The next stop was Jhalawar. The stage there had already been set by his mother, who had been elected from there to the Lok Sabha for four unbroken terms since 1989. Conditions couldn’t have been more perfect but Dushyant says this very perfection was his challenge. “I had to live up to my mother’s reputation,” he says. “I couldn’t let the standard of work plummet.”

In the beginning, Dushyant stayed away from the national media. “He was shy, and didn’t know much about politics. The art of diplomacy came much later,” says a close associate. But the supposed ‘Mama’s boy’ surpassed the ‘super boys’, as he impishly calls the other young MPs in Parliament. In the Lok Sabha, Dushyant asked 604 questions and participated in 46 debates, the highest amongst young MPs. “I write my own speeches and speak on international and state issues and I stay for entire sessions,” he says.

HAVING COVERED over 15,000 kilometres since March 15, the day he kicked off his campaign, Dushyant has traversed the length and breadth of Jhalawar-Baran.
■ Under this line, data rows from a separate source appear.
Theorem proposition3p3 (R : realType) (n : nat)
  (mu : {measure set (Rn R n) -> \bar R})
  (Omega : set 'rV[R]_n) (f g : 'rV[R]_n -> R)
  (I : finType) (vtx : I -> 'I_n.+1 -> 'rV[R]_n)
  (sigma_h : pwRT R n I) (lambda_h u_h : I -> R) :
  (n == 2)%N || (n == 3)%N ->
  is_lebesgue mu ->
  bounded_domain Omega ->
  L2 mu Omega f ->
  H1 mu Omega g ->
  {within closure Omega, continuous g} ->
  (forall x, closure Omega x -> ~ Omega x -> g x <= 0) ->
  conforming_mesh Omega vtx ->
  (* (sigma_h, lambda_h) in K_h, u_h in M_h solve the discrete problem *)
  in_Kh vtx sigma_h lambda_h ->
  (forall (tau_h : pwRT R n I) (mu_h : I -> R), in_Kh vtx tau_h mu_h ->
     ipRT mu vtx sigma_h (rt_sub tau_h sigma_h)
     + ipL2 mu vtx
         (p0 (fun i => rt_div (rt_sub tau_h sigma_h) i + mu_h i - lambda_h i))
         (p0 u_h)
     >= ipL2 mu vtx (p0 (fun i => mu_h i - lambda_h i)) (glob g)) ->
  (forall v_h : I -> R,
     ipL2 mu vtx (p0 (fun i => rt_div sigma_h i + lambda_h i)) (p0 v_h)
     = - ipL2 mu vtx (glob f) (p0 v_h)) ->
  [/\ (* (i) *)
      forall i, rt_div sigma_h i + lambda_h i = - Pi0 mu vtx f i,
      (* (ii) *)
      forall tau_h : pwRT R n I, RT0 vtx tau_h ->
        ipRT mu vtx sigma_h tau_h + ipL2 mu vtx (p0 (rt_div tau_h)) (p0 u_h) = 0,
      (* (iii) *)
      ipL2 mu vtx (p0 lambda_h) (fun i x => u_h i - g x) = 0 /\
      (forall i, lambda_h i * (u_h i - Pi0 mu vtx g i) = 0)
    & (* (iv) *)
      forall i, 0 <= u_h i - Pi0 mu vtx g i].
Proof.
move=> _ hmu _ _ _ gcont _ [hvtx _ _ cover] hK hvi heq.
have hg i : {within simplex (vtx i), continuous g}.
  by apply: continuous_subspaceW gcont => x xi; rewrite -cover; exists i.
split.
- exact: (div_sigma_add_lambda hmu hvtx heq).
- exact: (ipRT_sigma_RT0 hmu hvtx hg hK hvi).
- split; [exact: (ipL2_lambda_sub hmu hvtx hg hK hvi) |
         exact: (lambda_mul_sub_Pi0 hmu hvtx hg hK hvi)].
- exact: (Pi0_le_u hmu hvtx hg hK hvi).
Qed.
His village-hopping starts at nine in the morning and continues well past midnight. Helping him in his campaign are hundreds of foot soldiers, his wife, Niharika Raje and mother Vasundhara. With good reason. “For the first time since 1989, this seat will witness a close contest,” reveals a party worker.

Dushyant’s opponent, first-timer Urmila Jain of the Congress, has the support of the state machinery, with Chief Minister Ashok Gehlot campaigning for her. The BJP got a shock in the December 2008 assembly elections when Urmila’s husband, Pramod Jain Bhaya, now a minister, defeated BJP strongman Raghuveer Singh Kaushal, the sitting MP from Kota. The BJP won only two out of eight assembly seats in the region.
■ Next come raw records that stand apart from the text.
(* Let $d\ge 1$ and $k\in\{1,2\}$. The domain $\mathfrak{D}(\mathcal{A}_k)$ of the arcsine transformation $\mathcal{A}_k$ equals $\mathfrak{M}_L^k(\mathbb{R}^d)$.
   Context: A Lévy measure on $\mathbb{R}^d$ is a measure $\nu$ with $\nu(\{0\})=0$ and $\int_{\mathbb{R}^d}(1\wedge|x|^2)\nu(\mathrm{d}x)<\infty$; their class is $\mathfrak{M}_L(\mathbb{R}^d)=\mathfrak{M}_L^2(\mathbb{R}^d)$, and $\mathfrak{M}_L^1(\mathbb{R}^d)$ is the class of Lévy measures with $\int(1\wedge|x|)\nu(\mathrm{d}x)<\infty$. For $s>0$ set $a_1(r;s)=2\pi^{-1}(s-r^2)^{-1/2}$ for $0<r<s^{1/2}$ and $0$ otherwise; $a_2(r;s)=2\pi^{-1}(s^2-r^2)^{-1/2}$ for $0<r<s$ and $0$ otherwise. For a measure $\nu$ on $\mathbb{R}^d$ with $\nu(\{0\})=0$ and $k=1,2$, define $\mathcal{A}_k(\nu)(B)=\int_{\mathbb{R}^d\setminus\{0\}}\nu(\mathrm{d}x)\int_0^\infty a_k(r;|x|)1_B(r x/|x|)\,\mathrm{d}r$ for Borel $B\subset\mathbb{R}^d$. The domain $\mathfrak{D}(\mathcal{A}_k)$ is the class of measures $\nu$ on $\mathbb{R}^d$ with $\nu(\{0\})=0$ such that $\mathcal{A}_k(\nu)$ is a Lévy measure in $\mathfrak{M}_L(\mathbb{R}^d)$. *)

(* R^d is modelled as d.-tuple R, equipped with the
   library's product sigma-algebra (generated by the coordinate maps), which
   is the Borel sigma-algebra of R^d. *)
From HB Require Import structures.
From mathcomp Require Import all_boot all_order all_algebra.
From mathcomp Require Import all_classical all_reals all_analysis.
Set Implicit Arguments. Unset Strict Implicit. Unset Printing Implicit Defensive.
Import Order.TTheory GRing.Theory Num.Theory.
Import numFieldNormedType.Exports.
Local Open Scope classical_set_scope.
Local Open Scope ring_scope.

Section Defs.
Context {R : realType} {d : nat}.

Definition enorm (x : d.-tuple R) : R := Num.sqrt (\sum_(i < d) tnth x i ^+ 2).

Definition origin : d.-tuple R := [tuple (0 : R) | i < d].

Definition rdir (r : R) (x : d.-tuple R) : d.-tuple R :=
  [tuple r * (tnth x i / enorm x) | i < d].

End Defs.

Definition a1 {R : realType} (r s : R) : R :=
  if (0 < r) && (r < Num.sqrt s) then 2 / pi * (Num.sqrt (s - r ^+ 2))^-1 else 0.
Definition a2 {R : realType} (r s : R) : R :=
  if (0 < r) && (r < s) then 2 / pi * (Num.sqrt (s ^+ 2 - r ^+ 2))^-1 else 0.

Definition akern {R : realType} (k : nat) : R -> R -> R :=
  if k == 1%N then a1 else a2.

(* M_L^k(R^d): nu({0}) = 0 and \int (1 /\ |x|^k) nu(dx) < oo.
   M_L(R^d) = M_L^2(R^d) is the class of Levy measures. *)
Definition levy_measure_k {R : realType} {d : nat} (k : nat)
  (nu : {measure set (d.-tuple R) -> \bar R}) : Prop :=
  nu [set origin] = 0%E /\
  (\int[nu]_x (Order.min 1 (enorm x ^+ k))%:E < +oo)%E.

Definition arcsineA {R : realType} {d : nat} (k : nat)
  (nu : {measure set (d.-tuple R) -> \bar R}) (B : set (d.-tuple R)) : \bar R :=
  (\int[nu]_(x in ~` [set origin])
     \int[lebesgue_measure]_(r in `[0%R, +oo[)
        (akern k r (enorm x) * \1_B (rdir r x))%:E)%E.

(* nu is in the domain D(A_k): nu({0}) = 0 and A_k(nu) is (the restriction to
   Borel sets of) a Levy measure in M_L(R^d). *)
Definition in_domain_A {R : realType} {d : nat} (k : nat)
  (nu : {measure set (d.-tuple R) -> \bar R}) : Prop :=
  nu [set origin] = 0%E /\
  exists mu : {measure set (d.-tuple R) -> \bar R},
    (forall B, measurable B -> mu B = arcsineA k nu B) /\ levy_measure_k 2 mu.

From HB Require Import structures.
From mathcomp Require Import all_boot all_order all_algebra.
From mathcomp Require Import all_classical all_reals all_analysis.
From mathcomp Require Import measurable_realfun ring lra.
Set Implicit Arguments. Unset Strict Implicit. Unset Printing Implicit Defensive.
Import Order.TTheory GRing.Theory Num.Theory.
Import numFieldNormedType.Exports HBNNSimple.
Local Open Scope classical_set_scope.
Local Open Scope ring_scope.

(* For nu({0}) = 0, A_k(nu) is the mixture over x of the measures carried by
   the ray through x with density a_k(r; |x|) dr.  Hence
     \int min(1, |y|^2) A_k(nu)(dy) = \int nu(dx) \int a_2(r; t) min(1, r^2) dr
   with t = |x|^(k/2), and the inner integral is bounded above and below by
   constant multiples of min(1, t^2) = min(1, |x|^k): from below by restricting
   to [t/2, t[, from above by cutting [0, t[ into layers accumulating at the
   singularity r = t.  Also A_k(nu)({0}) = 0 always, since rays avoid 0. *)

Section arcsine_kernel.
Context {R : realType}.

Lemma measurable_inv : measurable_fun [set: R] (fun x : R => x^-1).
Proof.
have -> : [set: R] = [set 0] `|` ~` [set 0] by rewrite setUv.
apply/measurable_funU => //; first exact: measurableC.
split; first exact: measurable_fun_set1.
apply: open_continuous_measurable_fun.
  apply: closed_openC; apply: accessible_closed_set1.
  exact/hausdorff_accessible/Rhausdorff.
by move=> x; rewrite inE /= => /eqP x0; exact: inv_continuous.
Qed.

Lemma measurable_sqrt : measurable_fun [set: R] (@Num.sqrt R).
Proof. exact: continuous_measurable_fun (@sqrt_continuous R). Qed.

Lemma a2_ge0 (r s : R) : 0 <= a2 r s.
Proof.
rewrite /a2; case: ifP => // _.
by rewrite mulr_ge0 ?invr_ge0 ?sqrtr_ge0 // divr_ge0 // ltW // pi_gt0.
Qed.

Lemma a2_eq0 (r s : R) : ~~ ((0 < r) && (r < s)) -> a2 r s = 0.
Proof. by rewrite /a2 => /negbTE ->. Qed.

Lemma a1_a2 (r s : R) : a1 r s = a2 r (Num.sqrt s).
Proof.
rewrite /a1 /a2; have [s0|s0] := leP 0 s; first by rewrite sqr_sqrtr.
by rewrite (ltr0_sqrtr s0); case: (ltrP 0 r) => // r0; rewrite [r < 0]ltNge ltW.
Qed.

(* s^(k/2), so that A_1 and A_2 share the kernel a_2 *)
Definition halfpow (k : nat) (s : R) : R := if k == 1%N then Num.sqrt s else s.

Lemma akernE k (r s : R) : akern k r s = a2 r (halfpow k s).
Proof. by rewrite /akern /halfpow; case: ifP => _; rewrite ?a1_a2. Qed.

Lemma akern_ge0 k (r s : R) : 0 <= akern k r s.
Proof. by rewrite akernE a2_ge0. Qed.

Lemma akern_eq0 k (r s : R) : r <= 0 -> akern k r s = 0.
Proof. by move=> r0; rewrite akernE a2_eq0 // negb_and -leNgt r0. Qed.

Lemma halfpow_gt0 k (s : R) : 0 < s -> 0 < halfpow k s.
Proof. by move=> s0; rewrite /halfpow; case: ifP => // _; rewrite sqrtr_gt0. Qed.

Lemma min1_halfpow k (s : R) : (k = 1%N \/ k = 2%N) -> 0 <= s ->
  Order.min 1 (s ^+ k) = Order.min 1 (halfpow k s ^+ 2).
Proof. by move=> hk s0; rewrite /halfpow; case: hk => ->; rewrite ?sqr_sqrtr. Qed.

Lemma measurable_a2 : measurable_fun [set: R * R] (fun p : R * R => a2 p.1 p.2).
Proof.
rewrite /a2; apply: measurable_fun_ifT.
- by apply: measurable_and; exact: measurable_fun_ltr.
- apply: measurable_funM => //.
  apply: measurableT_comp; first exact: measurable_inv.
  apply: measurableT_comp; first exact: measurable_sqrt.
  by apply: measurable_funB => //; exact: measurable_funX.
- exact: measurable_cst.
Qed.

Lemma measurable_akern k :
  measurable_fun [set: R * R] (fun p : R * R => akern k p.1 p.2).
Proof.
have -> : (fun p : R * R => akern k p.1 p.2) =
    (fun p : R * R => a2 p.1 p.2) \o (fun p => (p.1, halfpow k p.2)).
  by apply/funext => p; rewrite /= akernE.
apply: (measurableT_comp measurable_a2); apply: measurable_fun_pair => //.
rewrite /halfpow; case: (k == 1%N); last exact: measurable_snd.
exact: measurableT_comp measurable_sqrt measurable_snd.
Qed.

End arcsine_kernel.

Section euclidean.
Context {R : realType} {d : nat}.
Local Notation T := (d.-tuple R).

Lemma enorm_ge0 (x : T) : 0 <= enorm x.
Proof. exact: sqrtr_ge0. Qed.

Lemma enorm_origin : enorm (@origin R d) = 0.
Proof. by rewrite /enorm big1 ?sqrtr0 // => i _; rewrite tnth_mktuple expr0n. Qed.

Lemma enorm_gt0 (x : T) : x <> origin -> 0 < enorm x.
Proof.
move=> xo; rewrite sqrtr_gt0 lt_def sumr_ge0 ?andbT => [|i _]; last exact: sqr_ge0.
apply: contra_notN xo => /eqP sum0; apply: eq_from_tnth => i.
rewrite /origin tnth_mktuple.
have /eqP := psumr_eq0P (fun i _ => sqr_ge0 (tnth x i)) sum0 (i := i) isT.
by rewrite sqrf_eq0 => /eqP.
Qed.

Lemma enorm_rdir (x : T) r : x <> origin -> 0 <= r -> enorm (rdir r x) = r.
Proof.
move=> xo r0; have /lt0r_neq0 ex0 := enorm_gt0 xo.
have sumE : \sum_(i < d) tnth x i ^+ 2 = enorm x ^+ 2.
  by rewrite sqr_sqrtr // sumr_ge0 // => i _; exact: sqr_ge0.
rewrite {1}/enorm (eq_bigr (fun i => (r / enorm x) ^+ 2 * tnth x i ^+ 2)).
  by rewrite -mulr_sumr sumE -exprMn divfK // sqrtr_sqr ger0_norm.
by move=> i _; rewrite /rdir tnth_mktuple mulrCA exprMn mulrC.
Qed.

Lemma measurable_enorm : measurable_fun [set: T] (@enorm R d).
Proof.
apply: measurableT_comp; first exact: measurable_sqrt.
by apply: measurable_sum => i; apply: measurable_funX; exact: measurable_tnth.
Qed.

Lemma measurable_rdir : measurable_fun [set: T * R] (fun p : T * R => rdir p.2 p.1).
Proof.
apply/measurable_fun_tnthP => i /=; rewrite /comp /rdir.
under eq_fun do rewrite tnth_mktuple.
apply: measurable_funM => //; apply: measurable_funM.
  exact: measurableT_comp (measurable_tnth i) measurable_fst.
apply: measurableT_comp; first exact: measurable_inv.
exact: measurableT_comp measurable_enorm measurable_fst.
Qed.

Lemma measurable_origin : measurable [set (@origin R d)].
Proof.
have -> : [set (@origin R d)] = enorm @^-1` [set 0].
  apply/seteqP; split => [x -> | x /= x0]; first by rewrite /= enorm_origin.
  by apply: contrapT => /enorm_gt0; rewrite x0 ltxx.
rewrite -[X in measurable X]setTI.
by apply: measurable_enorm => //; exact: measurable_set1.
Qed.

Lemma measurable_punctured : measurable (~` [set (@origin R d)]).
Proof. exact: measurableC measurable_origin. Qed.

End euclidean.

Section kernel_integral.
Context {R : realType} {d : nat} (k : nat).
Local Notation T := (d.-tuple R).
Local Notation D := (~` [set (@origin R d)]).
But Dushyant appears to be unruffled. “My work is my answer,” he says. He has provided drinking water through tube wells and hand pumps to over 85 villages and a sports stadium worth Rs 6.5 crore, where three Ranji Trophy matches have been played. Thanks to Dushyant, a two-lane 85km highway now links Jhalawar and Baran .

Dushyant Singh believes that the young need to join politics as they can be instrumental in changing the policies of the country. This young MP aims to provide education and health for all. While global warming is an area he wants to focus on down the road, right now, it’s all about winning this election. And Dushyant is leaving no stone unturned towards that end. His mother may be by his side, but this ‘Raja’ is getting his hands dirty by managing both supporters and election issues by himself. With his mother’s blessings, of course.